One of the people I met was the co-founder of a social network for gardeners. My initial scepticism eroded as we spoke and it became evident that “friending” on the sire was more an attribute of having similar gardening interests around plants/species than social relationships e.g. interest in roses. Hence, you were able to discover other gardeners and share in ideas/tips plus have an outlet to ask questions or provide advice to others. In this way, it struck me rather like a forum but with the added benefit of being able to learn a little more about the other members that you were hearing from.

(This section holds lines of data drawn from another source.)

Lemma oshift_comp_decomp k G (C : gcat k G) (x y : obj C) (f : ofam C x y) b (t : seq G) :
  ofam_ok f -> (forall a, a \notin t -> f b a = 0) ->
  ofam_sum (undup t) (fun a => ocomp (Pmor (f b a)) (oshift x a)) = ocomp (oshift y b) f.
Proof.
move=> hf ht; apply: ofam_ext => d e; rewrite -[e](mulVKg d) ofam_sumE.
set a0 := (d^-1 * e)%g.
have Ea a : ocomp (Pmor (f b a)) (oshift x a) d (d * a0)%g =
            comp (gacth C d (f b a)) (oshift x a d (d * a0)%g).
  rewrite /ocomp (@osum_single _ _ _ d) ?Pmor_diag // => c nc.
  by rewrite Pmor_off ?comp0m // eq_sym.
rewrite (eq_bigr _ (fun a _ => Ea a)).
rewrite (@big_uniq_single _ _ _ _ a0 _ (undup_uniq t)); last first.
  by move=> a na; rewrite oshift_off ?compm0 //; apply: contra na => /eqP /mulgI ->.
rewrite mem_undup; case: ifP => [_|/negbT /ht fba0]; last first.
  rewrite /ocomp osum_eq0 // => c.
  have [<-|nc] := eqVneq (d * b)%g c; last by rewrite oshift_off ?comp0m.
  by case: hf => _ _ f3; rewrite f3 fba0 gacth0 hcast0 compm0.
rewrite /ocomp (@osum_single _ _ _ (d * b)%g) => [|c nc]; last first.
  by rewrite oshift_off ?comp0m // eq_sym.
case: hf => _ _ f3; rewrite !oshift_diag f3 comp_hcast_idr comp_hcast_idl hcast_trans.
exact: hcast_irr.
Qed.

Section HomogeneousComponents.
Variables (k : comPzRingType) (G : groupType) (C : gcat k G).

Definition homog_decomp (M : gomod C) (x : obj C) (m : oob (gmod M) x) (s : seq G)
  (h : G -> oob (gmod M) x) : Prop :=
  [/\ uniq s, forall a, ggr M x a (h a) & m = \sum_(a <- s) h a].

Later the same day my wife mentioned Cookshow to me. This was staggering – she takes little/no interest in matters web-related so it usually means a site has been mentioned to her by a chum. But I always take that as an interesting sign, since it means that the site may have broken out into the mainstream, as opposed to the cloistered environment of early adopters on the web. Cookshow was really interesting in that it deployed lots of styles that would be familiar to a web2.0 devotee – it had video posts of people showing you how to follow particular recipes; recipes and suggestions for similar items; tags for ingredients/tastes etc.
In both instances, gardening and cooking, despite each covering only a portion of a person’s activities, I believe that this focussed environment may be increasingly more appealing to individuals than more generalised social hangouts. This is not to say that Facebook will be abandoned, but it may be that people will rationalise the number of places they use down to a single general hangout accompanied by one/two specialist environments. Whilst Facebook and other such sites, do have the capacity to operate groups for like-minded folks, those environments lack the “feature and content richness” of dedicated sites.
If this sounds familiar, firstly it is a notion that Marc Cantor has banged on about for years, but which is probably starting to take root more, now that people are more familiar with the concept of social network and start to become more discerning. Secondly, it is a better reflection of how we live our physical lives – general social hangouts with friends and more niche environments for hobbies etc.